[Records from a dataset]
══════════

(* For every $0\le k\le n$ and every $\lambda\vdash n$, $$m(\lambda,\beta_{H_n^k})=\sum_{C\in\hat S_n}\chi_\lambda(C)\,(n-|\mathrm{supp}(C)|)_k .$$
   Context: Permutations are composed as functions, and $\pi\in S_n$ is identified with the permutation matrix whose $(i,j)$ entry is $1$ iff $i=\pi(j)$. For $A\in GL_n(\mathbb{Z}_2)$ let $\eta(A)$ (resp. $\theta(A)$) be the partition obtained by sorting the row sums (resp. column sums) of $A$, computed as integers, in weakly decreasing order. For $0\le k\le n$, $H_n^k=\{A\in GL_n(\mathbb{Z}_2)\mid \eta(A)=(n,n-1,\dots,n-k+1,1^{n-k}),\ \theta(A)=((k+1)^{n-k},k,k-1,\dots,1)\}$. $\beta_{H_n^k}$ is the complex permutation representation of $S_n$ on the space with basis $H_n^k$ given by $\pi\circ A=\pi A\pi^{-1}$. $\hat S_n$ is the set of conjugacy classes of $S_n$; $\chi_\lambda$ is the irreducible character indexed by $\lambda$ and $m(\lambda,\beta)$ the multiplicity of this irreducible in $\beta$; $\mathrm{supp}(C)$ is the set of points moved by an element of $C$ (its size depends only on $C$); $(m)_k=m(m-1)\cdots(m-k+1)$ is the falling factorial. *)

From mathcomp Require Import all_boot all_algebra all_fingroup all_field all_character.

Set Implicit Arguments.
Unset Strict Implicit.
Unset Printing Implicit Defensive.

Import GRing.Theory Num.Theory.

Definition rowsum (n : nat) (A : 'M['Z_2]_n) (i : 'I_n) : nat :=
  \sum_(j < n) val (A i j).
Definition colsum (n : nat) (A : 'M['Z_2]_n) (j : 'I_n) : nat :=
  \sum_(i < n) val (A i j).

Definition eta (n : nat) (A : 'M['Z_2]_n) : seq nat :=
  sort geq [seq rowsum A i | i <- enum 'I_n].
Definition theta (n : nat) (A : 'M['Z_2]_n) : seq nat :=
  sort geq [seq colsum A j | j <- enum 'I_n].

══════════

TASK STATEMENT:
Repeat each entry exactly as it was given.

RESULT FOR THIS TASK:
(* For every $0\le k\le n$ and every $\lambda\vdash n$, $$m(\lambda,\beta_{H_n^k})=\sum_{C\in\hat S_n}\chi_\lambda(C)\,(n-|\mathrm{supp}(C)|)_k .$$
   Context: Permutations are composed as functions, and $\pi\in S_n$ is identified with the permutation matrix whose $(i,j)$ entry is $1$ iff $i=\pi(j)$. For $A\in GL_n(\mathbb{Z}_2)$ let $\eta(A)$ (resp. $\theta(A)$) be the partition obtained by sorting the row sums (resp. column sums) of $A$, computed as integers, in weakly decreasing order. For $0\le k\le n$, $H_n^k=\{A\in GL_n(\mathbb{Z}_2)\mid \eta(A)=(n,n-1,\dots,n-k+1,1^{n-k}),\ \theta(A)=((k+1)^{n-k},k,k-1,\dots,1)\}$. $\beta_{H_n^k}$ is the complex permutation representation of $S_n$ on the space with basis $H_n^k$ given by $\pi\circ A=\pi A\pi^{-1}$. $\hat S_n$ is the set of conjugacy classes of $S_n$; $\chi_\lambda$ is the irreducible character indexed by $\lambda$ and $m(\lambda,\beta)$ the multiplicity of this irreducible in $\beta$; $\mathrm{supp}(C)$ is the set of points moved by an element of $C$ (its size depends only on $C$); $(m)_k=m(m-1)\cdots(m-k+1)$ is the falling factorial. *)

From mathcomp Require Import all_boot all_algebra all_fingroup all_field all_character.

Set Implicit Arguments.
Unset Strict Implicit.
Unset Printing Implicit Defensive.

Import GRing.Theory Num.Theory.

Definition rowsum (n : nat) (A : 'M['Z_2]_n) (i : 'I_n) : nat :=
  \sum_(j < n) val (A i j).
Definition colsum (n : nat) (A : 'M['Z_2]_n) (j : 'I_n) : nat :=
  \sum_(i < n) val (A i j).

Definition eta (n : nat) (A : 'M['Z_2]_n) : seq nat :=
  sort geq [seq rowsum A i | i <- enum 'I_n].
Definition theta (n : nat) (A : 'M['Z_2]_n) : seq nat :=
  sort geq [seq colsum A j | j <- enum 'I_n].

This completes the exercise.